Тем показательнее следующий абзац:

«Лишь два изображения всегда вызывали неприязнь и навевали скуку — Арест пропагандиста и Не ждали, причем я был уверен, что центральный персонаж на них — один и тот же, и это отвращение, прежде безотчетное, лишь теперь мне представляется более или менее объяснимым, — и я быстро пролистывал эти репродукции, уж лучше Кочегар, лучше вечный покой, лучше безумноватый дядька с двойной, как шурум- бурум, фамилией».

Предыдущему, «женскому» абзацу противопоставлены лишь «два изображения», сливающиеся в одно. В центре каждой композиции — мужская фигура. Скорее всего, это не случайно. «Лучше» чем эта фигура — бородатый кочегар, лучше — левитановское полотно (кто не помнит его, так проникновенно говорящее нам о родине, с церковкой на крутояре), лучше даже, т. е. менее «отвратителен» «дядька» (м. б., писатель Салтыков-Щедрин?), напоминающий мальчику царя-сыноубийцу.

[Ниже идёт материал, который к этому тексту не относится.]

(* Let $p(x)=a_0+a_1x+\dots+a_dx^d$, $d\ge1$, have positive integer coefficients, $r=p(1)$, and fix a type map $\tau$ as in the context. For every $q\in(0,1/a_0)$, every integer $k\ge1$ and every $x\in[0,1]$, the derivative $$\mathcal T^k_{p,q}(x)=\frac{\partial^k}{\partial s^k}S^p_{q,s}(x)\Big|_{s=q}$$ exists, and the function $\mathcal T^k_{p,q}$ is continuous on $[0,1]$.
   Context: Let $\mathcal A=\{0,1,\dots,r-1\}$ and let $\tau:\mathcal A\to\{0,\dots,d\}$ be a fixed map with $|\tau^{-1}(j)|=a_j$ for each $j$. For $q\in(0,1/a_0)$ let $t_q\in(0,1)$ be the unique solution in $(0,1)$ of $a_0q^d+a_1q^{d-1}t+\dots+a_dt^d=q^{d-1}$, and let $\nu_q$ be the product (Bernoulli) measure on $\mathcal A^{\mathbb N}$ whose coordinates are i.i.d. with $\nu_q(\omega_i=a)=t_q^{\tau(a)}/q^{\tau(a)-1}$. Let $F_q(y)=\nu_q\big(\{\omega:\sum_{i\ge1}\omega_ir^{-i}\le y\}\big)$ for $y\in[0,1]$; $F_q$ is a continuous strictly increasing bijection of $[0,1]$. For $q_1,q_2\in(0,1/a_0)$ put $S^p_{q_1,q_2}=F_{q_2}\circ F_{q_1}^{-1}$ (equivalently, $S^p_{q_1,q_2}$ maps the point with a given ''$q_1$-$r$-adic'' digit sequence to the point with the same digit sequence in the $q_2$-$r$-adic representation). *)

From Stdlib Require Import Reals Lra Lia ZArith Arith List ClassicalEpsilon.
Open Scope R_scope.

(* r = p(1) = a_0 + ... + a_d *)
Definition rr (d : nat) (a : nat -> nat) : nat :=
  fold_right Nat.add 0%nat (map a (seq 0 (S d))).

(* |tau^{-1}(j)| = a_j, counted over the alphabet {0,..,r-1} *)
Definition tau_count (r : nat) (tau : nat -> nat) (j : nat) : nat :=
  length (filter (fun b => Nat.eqb (tau b) j) (seq 0 r)).

(* t_q: the (unique, by the paper) solution in (0,1) of
   a_0 q^d + a_1 q^(d-1) t + ... + a_d t^d = q^(d-1). *)
Definition t_eq (d : nat) (a : nat -> nat) (q t : R) : Prop :=
  0 < t < 1 /\
  sum_f_R0 (fun j => INR (a j) * q ^ (d - j) * t ^ j) d = q ^ (d - 1).

Definition tq (d : nat) (a : nat -> nat) (q : R) : R :=
  epsilon (inhabits 0) (fun t => t_eq d a q t).

(* nu_q(omega_i = b) = t_q^{tau b} / q^{tau b - 1} *)
Definition piq (d : nat) (a tau : nat -> nat) (q : R) (b : nat) : R :=
  tq d a q ^ (tau b) * q / q ^ (tau b).

(* nu_q(omega_i < b) *)
Definition cq (d : nat) (a tau : nat -> nat) (q : R) (b : nat) : R :=
  fold_right Rplus 0 (map (piq d a tau q) (seq 0 b)).

Fixpoint pprod (f : nat -> R) (n : nat) : R :=
  match n with O => 1 | S m => pprod f m * f (S m) end.

(* i-th r-adic digit (i >= 1) of y in [0,1): floor(r^i y) mod r *)
Definition digit (r : nat) (y : R) (i : nat) : nat :=
  Z.to_nat (Z.modulo (up (INR r ^ i * y) - 1) (Z.of_nat r)).

(* F_q(y) = nu_q{omega : sum omega_i r^-i <= y}, computed digitwise:
   sum_{i>=1} nu_q(omega_1..omega_{i-1} = y_1..y_{i-1}) * nu_q(omega_i < y_i). *)
Definition Fq (d : nat) (a tau : nat -> nat) (q y : R) : R :=
  if Rle_dec 1 y then 1 else
  epsilon (inhabits 0) (fun l =>
    infinite_sum (fun n =>
      pprod (fun j => piq d a tau q (digit (rr d a) y j)) n *
      cq d a tau q (digit (rr d a) y (S n))) l).

Definition Fq_inv (d : nat) (a tau : nat -> nat) (q x : R) : R :=
  epsilon (inhabits 0) (fun y => 0 <= y <= 1 /\ Fq d a tau q y = x).

Definition Sp (d : nat) (a tau : nat -> nat) (q1 q2 x : R) : R :=
  Fq d a tau q2 (Fq_inv d a tau q1 x).

Fixpoint is_nth_deriv (k : nat) (f : R -> R) (s v : R) : Prop :=
  match k with
  | O => v = f s
  | S k' => exists delta, 0 < delta /\ exists g : R -> R,
      (forall t, Rabs (t - s) < delta -> is_nth_deriv k' f t (g t)) /\
      derivable_pt_lim g s v
  end.

Definition continuous_on_01 (T : R -> R) : Prop :=
  forall x, 0 <= x <= 1 -> forall eps, 0 < eps -> exists delta, 0 < delta /\
    forall y, 0 <= y <= 1 -> Rabs (y - x) < delta -> Rabs (T y - T x) < eps.

From Pilot Require Import Defs.
From Stdlib Require Import Reals Lra Lia ZArith Arith List.
From Stdlib Require Import ClassicalEpsilon FunctionalExtensionality Ranalysis5.
Open Scope R_scope.

(* Put [u_s = t_s / s]; then [p(u_s) = 1 / s] and [nu_s(omega_i = b) = s u_s^(tau b)], so by
   the implicit function theorem every digit probability is smooth in [s], with all
   derivatives bounded near [q]. For [y] with digits [y_1 y_2 ...],
   [F_s(y) = sum_n P_n(s) c_(y_(n+1))(s)], where [P_n(s)] is the [nu_s]-measure of the
   cylinder [y_1 ... y_n] and [c_b(s) = nu_s(omega_1 < b)]. Every digit has probability at
   most [rho < 1] and [P_n' = P_n sum_(j <= n) (log pi_(y_j))'], so the [m]-th derivative of
   [P_n] is [O(sigma^n)] for any [sigma] in [(rho, 1)], uniformly in the digits: the series
   may be differentiated termwise any number of times. The resulting derivatives are
   continuous in [y]: for points in the same or in adjacent cylinders of length [N], the two
   series agree up to a tail [O(sigma^N)] and one cylinder term, because the telescoping
   identities between partial sums hold for every [s], hence for all their derivatives.
   Finally [S_(q,s)(x) = F_s(F_q^-1(x))], and [F_q^-1] is continuous because [F_q] is a
   continuous increasing bijection of [0, 1]. *)

(** * Finite sums and derivatives *)

Fixpoint fsum (f : nat -> R) (n : nat) : R :=
  match n with O => 0 | S m => fsum f m + f m end.
(* Let $\Omega=\{\Omega_1,\dots,\Omega_N\}$ be the vertex set of a directed weighted graph with (not necessarily symmetric) weight function $d$, let $1\le n<N$, and let $i,j\in\{1,\dots,n\}$. Let $x_1=MMJ(\Omega_i,\Omega_j~|~\Omega_{[1,n]})$, $t_1=MMJ(\Omega_i,\Omega_{n+1}~|~\Omega_{[1,n+1]})$, $t_2=MMJ(\Omega_{n+1},\Omega_j~|~\Omega_{[1,n+1]})$ and $x_2=\max(t_1,t_2)$. Then $MMJ(\Omega_i,\Omega_j~|~\Omega_{[1,n+1]})=\min(x_1,x_2)$.
   Context: $\Omega$ is a finite set of points indexed $\Omega_1,\dots,\Omega_N$, and $\Omega_{[1,n]}=\{\Omega_1,\dots,\Omega_n\}$. $d(x,y)\ge 0$ is the weight of the directed edge from $x$ to $y$ (possibly $d(x,y)\neq d(y,x)$). For a subset $S\subseteq\Omega$, a (directed) path from $i$ to $j$ in $S$ is a finite sequence of points of $S$ (at least two) starting at $i$ and ending at $j$, with no repeated points except that start and end may coincide when $i=j$. A jump of a path is $d(x,y)$ for consecutive points $x$ followed by $y$, and $max\_jump$ of a path is its largest jump. The Min-Max-Jump distance with context $S$ is $MMJ(i,j~|~S)=\min\{max\_jump(\epsilon): \epsilon \text{ a path from } i \text{ to } j \text{ in } S\}$ for $i,j\in S$, with $MMJ(i,i~|~S)=0$. *)

From HB Require Import structures.
From mathcomp Require Import all_boot all_order all_algebra.
Set Implicit Arguments. Unset Strict Implicit. Unset Printing Implicit Defensive.
Import Order.TTheory GRing.Theory Num.Theory.
Local Open Scope ring_scope.

(* Points Omega_1..Omega_N are represented by the ordinals 'I_N
   (0-based: Omega_k is the ordinal k-1).  The weight function is
   d : 'I_N -> 'I_N -> R, not necessarily symmetric. *)

Section MMJ.
Variables (R : realDomainType) (N : nat) (d : 'I_N -> 'I_N -> R).

Definition is_path (S : {set 'I_N}) (i j : 'I_N) (p : seq 'I_N) : bool :=
  match p with
  | [::] => false
  | x0 :: s =>
      [&& x0 == i, last x0 s == j, s != [::], all (fun x => x \in S) p &
          (if i == j then uniq s else uniq p)]
  end.

Definition jumps (p : seq 'I_N) : seq R :=
  match p with
  | [::] => [::]
  | x0 :: s => pairmap d x0 s
  end.

(* The largest jump of a path (paths have at least one jump). *)
Definition max_jump (p : seq 'I_N) : R :=
  match jumps p with
  | [::] => 0
  | a :: l => foldr Num.max a l
  end.

(* All sequences of length 2..N+1; every path (no repetitions except
   possibly start = end) has length at most N+1, so this list contains
   every path. *)
Definition candidates : seq (seq 'I_N) :=
  flatten [seq [seq tval t | t : k.-tuple 'I_N] | k <- iota 2 N].

(* The seed d i j is the
   max_jump of the direct path [:: i; j], which is a path whenever
   i, j \in S, i != j; so for i, j in S it does not affect the minimum. *)
Definition MMJ (S : {set 'I_N}) (i j : 'I_N) : R :=
  if i == j then 0
  else \big[Num.min/d i j]_(p <- candidates | is_path S i j p) max_jump p.

End MMJ.

Definition Omega_upto (N n : nat) : {set 'I_N} := [set k : 'I_N | (k < n)%N].

From HB Require Import structures.
From mathcomp Require Import all_boot all_order all_algebra.
Import Order.TTheory GRing.Theory Num.Theory.
Local Open Scope ring_scope.

Set Implicit Arguments.
Unset Strict Implicit.
Unset Printing Implicit Defensive.

(* For a != b in S, MMJ(a, b | S) <= c exactly when b can be reached from a by
   a walk through S all of whose jumps are at most c: removing the loops of such
   a walk leaves a path.  A walk through S u {w} either avoids w, and then stays
   in S, or splits at w into walks a ~> w and w ~> b; conversely two such walks
   concatenate.  Hence both sides of the identity have the same upper bounds. *)

Section MinMax.
Context {disp : Order.disp_t} {T : orderType disp}.

Lemma ge_foldr_max (a c : T) (l : seq T) :
  (foldr Order.max a l <= c)%O = (a <= c)%O && all (fun r => r <= c)%O l.
Proof. by elim: l => [|b l IH] /=; rewrite ?andbT // ge_max IH andbCA. Qed.

Lemma ge_bigmin (I : Type) (r : seq I) (P : pred I) (F : I -> T) (x c : T) :
  (\big[Order.min/x]_(p <- r | P p) F p <= c)%O =
  (x <= c)%O || has (fun p => P p && (F p <= c)%O) r.
Proof.
elim: r => [|a r IH]; first by rewrite big_nil orbF.
by rewrite big_cons /=; case: (P a) => //=; rewrite ge_min IH orbCA.
Qed.

End MinMax.

Section Reachability.
Variables (R : realDomainType) (N : nat) (d : 'I_N -> 'I_N -> R).
Implicit Types (S : {set 'I_N}) (a b : 'I_N) (c : R) (s : seq 'I_N).

Definition step_le c S : rel 'I_N := fun a b => (d a b <= c) && (b \in S).

Definition reach c S a b := exists2 s, path (step_le c S) a s & last a s = b.

Lemma path_step_le c S a s :
  path (step_le c S) a s = all (<= c) (pairmap d a s) && all (mem S) s.
Proof. by elim: s a => [|b s IH] a //=; rewrite IH andbACA. Qed.

Lemma max_jump_le c a s : s != [::] ->
  (max_jump d (a :: s) <= c) = all (<= c) (pairmap d a s).
Proof. by case: s => [|b s] // _; rewrite /max_jump /= ge_foldr_max. Qed.

Lemma uniq_mem_candidates s : (2 <= size s)%N -> uniq s -> s \in candidates N.
Proof.
move=> s_ge2 s_uniq; have s_leN : (size s <= N)%N.
  by rewrite -(card_uniqP s_uniq) -[X in (_ <= X)%N](card_ord N) max_card.
apply/flattenP; exists [seq tval t | t : (size s).-tuple 'I_N].
  by apply/mapP; exists (size s); rewrite // mem_iota s_ge2 addnC addn2 ltnW.
by rewrite [s in s \in _](_ : s = in_tuple s) // map_f ?mem_enum.
Qed.

Lemma MMJ_leP c S a b : a != b -> a \in S -> b \in S ->
  reflect (reach c S a b) (MMJ d S a b <= c).
Proof.
move=> ab aS bS; rewrite /MMJ (negbTE ab) ge_bigmin; apply: (iffP orP).
  case=> [dab | /hasP [[|a' s] _] //= /andP [/and5P [/eqP-> sb s0 Ss _]]].
    by exists [:: b]; rewrite //= /step_le dab bS.
  rewrite max_jump_le // => jumps_le; exists s; last exact/eqP.
  by case/andP: Ss => _ Ss; rewrite path_step_le jumps_le.
case=> s walk_s sb; right; case: (shortenP walk_s) sb => q walk_q q_uniq _ qb.
have q0 : q != [::] by apply: contra_neq ab => q0; rewrite -qb q0.
move: walk_q; rewrite path_step_le => /andP [jumps_le Sq].
apply/hasP; exists (a :: q).
  by apply: uniq_mem_candidates => //; case: q q0 {jumps_le Sq q_uniq qb}.
by rewrite /= eqxx qb eqxx q0 aS Sq (negbTE ab) -/(uniq (a :: q)) q_uniq max_jump_le.
Qed.

Lemma MMJ_ge0 S a b : (forall x y, 0 <= d x y) -> 0 <= MMJ d S a b.
Proof.
move=> d_ge0; rewrite /MMJ; case: eqP => // _.
apply: (big_ind (fun x => 0 <= x)) => // [x y x0 y0|p _]; first by rewrite le_min x0.
rewrite /max_jump; case: p => [|x [|y s]] //=.
by elim: (pairmap d y s) => [|r l IH] //=; rewrite le_max IH orbT.
Qed.

Lemma reach_cat c S a b e : reach c S a b -> reach c S b e -> reach c S a e.
Proof.
case=> s1 walk1 s1b [s2 walk2 s2e]; exists (s1 ++ s2).
  by rewrite cat_path walk1 s1b.
by rewrite last_cat s1b.
Qed.

Lemma reach_sub c S S' a b : {subset S <= S'} -> reach c S a b -> reach c S' a b.
Proof.
move=> sSS' [s walk sb]; exists s => //; apply: sub_path walk => x y /andP [dxy yS].
by rewrite /step_le dxy sSS'.
Qed.

Lemma reach_setU1 c S w a b :
  reach c (w |: S) a b <->
  reach c S a b \/ reach c (w |: S) a w /\ reach c (w |: S) w b.
Proof.
split=> [[s walk sb] | [|[aw wb]]]; last 2 first.
- by apply: reach_sub => x; apply: setU1r.
- exact: reach_cat aw wb.
have [ws | wNs] := boolP (w \in s).
  case/splitPr: ws walk sb => s1 s2.
  rewrite -cat_rcons cat_path last_cat last_rcons => /andP [walk1 walk2] s2b.
  by right; split; [exists (rcons s1 w); rewrite ?last_rcons | exists s2].
left; exists s => //; move: walk; rewrite !path_step_le => /andP [-> /allP Ss] /=.
apply/allP => y ys; move: (Ss y ys); rewrite !inE; case: eqP => // yw.
by rewrite -yw ys in wNs.
Qed.

Lemma MMJ_setU1 S w a b : (forall x y, 0 <= d x y) ->
  a \in S -> b \in S -> a != w -> w != b ->
  MMJ d (w |: S) a b =
  Num.min (MMJ d S a b) (Num.max (MMJ d (w |: S) a w) (MMJ d (w |: S) w b)).
Proof.
move=> d_ge0 aS bS aw wb; have [<- | ab] := eqVneq a b.
  by rewrite {1 2}/MMJ eqxx; apply/esym/min_idPl; rewrite le_max MMJ_ge0.
have [awS bwS wwS] := And3 (setU1r w aS) (setU1r w bS) (setU11 w S).
apply/eqP/eq_leP => c; rewrite ge_min ge_max; apply/idP/idP.
- move/(MMJ_leP c ab awS bwS)/reach_setU1 => [abS | [aw_le wb_le]].
    by apply/orP; left; apply/(MMJ_leP c ab aS bS).
  by apply/orP; right; apply/andP; split;
    [apply/(MMJ_leP c aw awS wwS) | apply/(MMJ_leP c wb wwS bwS)].
- case/orP => [/(MMJ_leP c ab aS bS) abS | /andP [aw_le wb_le]];
    apply/(MMJ_leP c ab awS bwS)/reach_setU1; [by left | right].
  by split; [apply/(MMJ_leP c aw awS wwS) | apply/(MMJ_leP c wb wwS bwS)].
Qed.

End Reachability.

Lemma Omega_upto_succ N n (hnN : (n < N)%N) :
  Omega_upto N n.+1 = Ordinal hnN |: Omega_upto N n.
Proof. by apply/setP => k; rewrite !inE ltnS leq_eqVlt -val_eqE. Qed.

Theorem theorem6p2 (R : realDomainType) (N : nat) (d : 'I_N -> 'I_N -> R)
    (d_ge0 : forall x y, 0 <= d x y)
    (n : nat) (hn1 : (1 <= n)%N) (hnN : (n < N)%N)
    (i j : 'I_N) (hi : (i < n)%N) (hj : (j < n)%N) :
  let w : 'I_N := Ordinal hnN in
  let x1 := MMJ d (Omega_upto N n) i j in
  let t1 := MMJ d (Omega_upto N n.+1) i w in
  let t2 := MMJ d (Omega_upto N n.+1) w j in
  let x2 := Num.max t1 t2 in
  MMJ d (Omega_upto N n.+1) i j = Num.min x1 x2.
Proof.
rewrite /= (Omega_upto_succ hnN); have iS : i \in Omega_upto N n by rewrite inE.
have jS : j \in Omega_upto N n by rewrite inE.
have wNS : Ordinal hnN \notin Omega_upto N n by rewrite inE ltnn.
apply: MMJ_setU1 => //; first by apply: contraNneq wNS => <-.
by apply: contraNneq wNS => ->.
Qed.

На обеих картинах, вызывающих неприятие ребенка, центральный мужской персонаж изображен стоя. Царь же Иоанн, убивший сына, сидит на ковре, он уже повержен раскаянием и горем, т. е. не опасен. Портрет писателя лишь отдаленно на него похож («может быть, тот же»)… Перед нами картина бессознательной иерархии детских страхов, зафиксированная мемуаристом.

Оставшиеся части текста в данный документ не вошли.